Data shown>
%%
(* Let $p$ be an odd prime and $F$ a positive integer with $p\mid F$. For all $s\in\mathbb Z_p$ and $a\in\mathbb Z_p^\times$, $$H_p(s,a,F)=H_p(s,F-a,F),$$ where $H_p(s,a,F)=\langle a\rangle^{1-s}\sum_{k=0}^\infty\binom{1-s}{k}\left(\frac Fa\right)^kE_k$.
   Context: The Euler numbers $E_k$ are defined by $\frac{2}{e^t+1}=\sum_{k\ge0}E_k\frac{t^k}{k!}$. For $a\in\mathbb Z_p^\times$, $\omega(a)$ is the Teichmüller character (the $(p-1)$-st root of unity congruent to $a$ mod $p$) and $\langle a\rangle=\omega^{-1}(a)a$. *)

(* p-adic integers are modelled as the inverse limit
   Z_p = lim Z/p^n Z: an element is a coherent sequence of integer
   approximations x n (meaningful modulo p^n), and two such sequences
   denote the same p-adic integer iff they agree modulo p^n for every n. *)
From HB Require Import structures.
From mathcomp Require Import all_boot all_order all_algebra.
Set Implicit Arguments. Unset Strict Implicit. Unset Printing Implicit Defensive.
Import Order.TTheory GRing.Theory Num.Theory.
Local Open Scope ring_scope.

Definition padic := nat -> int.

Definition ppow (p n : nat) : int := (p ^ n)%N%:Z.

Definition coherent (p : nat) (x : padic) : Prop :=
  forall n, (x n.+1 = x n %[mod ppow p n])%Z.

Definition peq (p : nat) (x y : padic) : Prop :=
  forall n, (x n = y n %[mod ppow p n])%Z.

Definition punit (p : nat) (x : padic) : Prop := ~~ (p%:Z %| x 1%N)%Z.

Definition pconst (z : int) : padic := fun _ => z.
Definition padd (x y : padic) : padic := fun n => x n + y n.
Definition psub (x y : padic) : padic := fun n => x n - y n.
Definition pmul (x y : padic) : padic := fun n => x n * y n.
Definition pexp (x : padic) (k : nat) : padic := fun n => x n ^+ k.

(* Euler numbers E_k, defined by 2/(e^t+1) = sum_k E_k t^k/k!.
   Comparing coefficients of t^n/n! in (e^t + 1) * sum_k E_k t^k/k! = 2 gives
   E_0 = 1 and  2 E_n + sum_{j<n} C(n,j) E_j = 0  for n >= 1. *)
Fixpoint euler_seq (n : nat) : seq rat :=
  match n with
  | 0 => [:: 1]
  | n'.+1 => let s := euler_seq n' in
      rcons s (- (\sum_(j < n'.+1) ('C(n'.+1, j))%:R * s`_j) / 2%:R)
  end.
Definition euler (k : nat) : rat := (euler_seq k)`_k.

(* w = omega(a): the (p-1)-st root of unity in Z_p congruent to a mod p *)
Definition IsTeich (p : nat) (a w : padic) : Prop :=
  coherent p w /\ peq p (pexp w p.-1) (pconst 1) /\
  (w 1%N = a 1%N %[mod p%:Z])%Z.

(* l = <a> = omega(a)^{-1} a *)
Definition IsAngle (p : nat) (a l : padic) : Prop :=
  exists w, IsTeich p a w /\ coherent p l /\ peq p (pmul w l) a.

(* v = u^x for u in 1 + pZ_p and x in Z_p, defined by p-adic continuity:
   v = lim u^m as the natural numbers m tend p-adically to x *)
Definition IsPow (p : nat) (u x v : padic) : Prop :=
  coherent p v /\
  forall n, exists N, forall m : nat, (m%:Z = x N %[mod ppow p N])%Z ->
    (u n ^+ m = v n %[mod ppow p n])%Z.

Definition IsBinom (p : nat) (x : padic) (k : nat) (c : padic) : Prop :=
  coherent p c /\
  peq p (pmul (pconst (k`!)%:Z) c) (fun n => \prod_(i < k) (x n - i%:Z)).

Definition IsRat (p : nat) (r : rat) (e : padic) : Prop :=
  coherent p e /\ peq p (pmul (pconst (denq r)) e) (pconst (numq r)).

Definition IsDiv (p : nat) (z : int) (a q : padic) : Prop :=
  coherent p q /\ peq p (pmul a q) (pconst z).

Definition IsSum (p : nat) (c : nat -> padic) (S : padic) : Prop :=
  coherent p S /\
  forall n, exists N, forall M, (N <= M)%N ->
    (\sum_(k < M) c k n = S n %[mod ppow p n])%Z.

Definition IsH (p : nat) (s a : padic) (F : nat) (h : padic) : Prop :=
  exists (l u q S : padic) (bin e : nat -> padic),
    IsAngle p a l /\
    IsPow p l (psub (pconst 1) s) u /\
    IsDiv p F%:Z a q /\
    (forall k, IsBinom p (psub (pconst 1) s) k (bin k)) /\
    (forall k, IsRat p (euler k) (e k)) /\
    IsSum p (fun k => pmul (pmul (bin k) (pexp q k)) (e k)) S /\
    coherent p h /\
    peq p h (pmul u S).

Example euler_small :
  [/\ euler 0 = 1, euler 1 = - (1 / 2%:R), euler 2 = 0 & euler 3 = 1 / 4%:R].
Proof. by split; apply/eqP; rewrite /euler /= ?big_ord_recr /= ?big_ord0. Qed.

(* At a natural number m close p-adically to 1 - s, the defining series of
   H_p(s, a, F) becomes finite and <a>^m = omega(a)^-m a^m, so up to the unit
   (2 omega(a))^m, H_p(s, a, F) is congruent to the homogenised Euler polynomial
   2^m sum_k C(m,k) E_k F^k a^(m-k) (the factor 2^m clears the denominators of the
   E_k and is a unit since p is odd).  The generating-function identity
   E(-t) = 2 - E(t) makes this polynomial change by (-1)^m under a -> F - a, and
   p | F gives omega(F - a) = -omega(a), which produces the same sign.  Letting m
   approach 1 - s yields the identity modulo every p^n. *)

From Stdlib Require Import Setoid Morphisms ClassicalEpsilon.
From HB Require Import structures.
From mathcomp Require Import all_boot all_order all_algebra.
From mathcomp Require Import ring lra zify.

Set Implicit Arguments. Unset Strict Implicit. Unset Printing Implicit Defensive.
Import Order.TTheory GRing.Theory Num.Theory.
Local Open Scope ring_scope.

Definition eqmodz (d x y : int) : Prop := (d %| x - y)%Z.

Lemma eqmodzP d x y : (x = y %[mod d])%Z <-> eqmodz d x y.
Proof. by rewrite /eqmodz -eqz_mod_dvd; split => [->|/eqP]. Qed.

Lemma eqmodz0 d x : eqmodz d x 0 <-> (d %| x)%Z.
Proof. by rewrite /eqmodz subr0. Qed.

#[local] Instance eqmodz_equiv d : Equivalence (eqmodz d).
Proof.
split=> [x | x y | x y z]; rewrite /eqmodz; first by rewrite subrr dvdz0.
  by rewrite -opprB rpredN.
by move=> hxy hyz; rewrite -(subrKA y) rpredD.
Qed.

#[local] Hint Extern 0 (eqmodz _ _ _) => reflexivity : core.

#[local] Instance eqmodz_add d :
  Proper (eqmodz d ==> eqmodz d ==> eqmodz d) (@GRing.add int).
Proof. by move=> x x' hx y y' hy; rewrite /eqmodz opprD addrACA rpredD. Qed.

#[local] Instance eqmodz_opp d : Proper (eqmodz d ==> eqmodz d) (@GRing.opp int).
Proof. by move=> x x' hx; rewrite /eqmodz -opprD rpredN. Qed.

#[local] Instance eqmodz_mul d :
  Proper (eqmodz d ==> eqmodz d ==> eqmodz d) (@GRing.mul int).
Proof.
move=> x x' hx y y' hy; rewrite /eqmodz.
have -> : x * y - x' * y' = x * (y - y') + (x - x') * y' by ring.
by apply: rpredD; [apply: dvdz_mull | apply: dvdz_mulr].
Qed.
%%
Exercise directions> Please give back exactly the lines of the listing above that run from the one containing "IsAngle p a l /\" through the one containing "coherent p h /\", and only those.

Response>
    IsAngle p a l /\
    IsPow p l (psub (pconst 1) s) u /\
    IsDiv p F%:Z a q /\
    (forall k, IsBinom p (psub (pconst 1) s) k (bin k)) /\
    (forall k, IsRat p (euler k) (e k)) /\
    IsSum p (fun k => pmul (pmul (bin k) (pexp q k)) (e k)) S /\
    coherent p h /\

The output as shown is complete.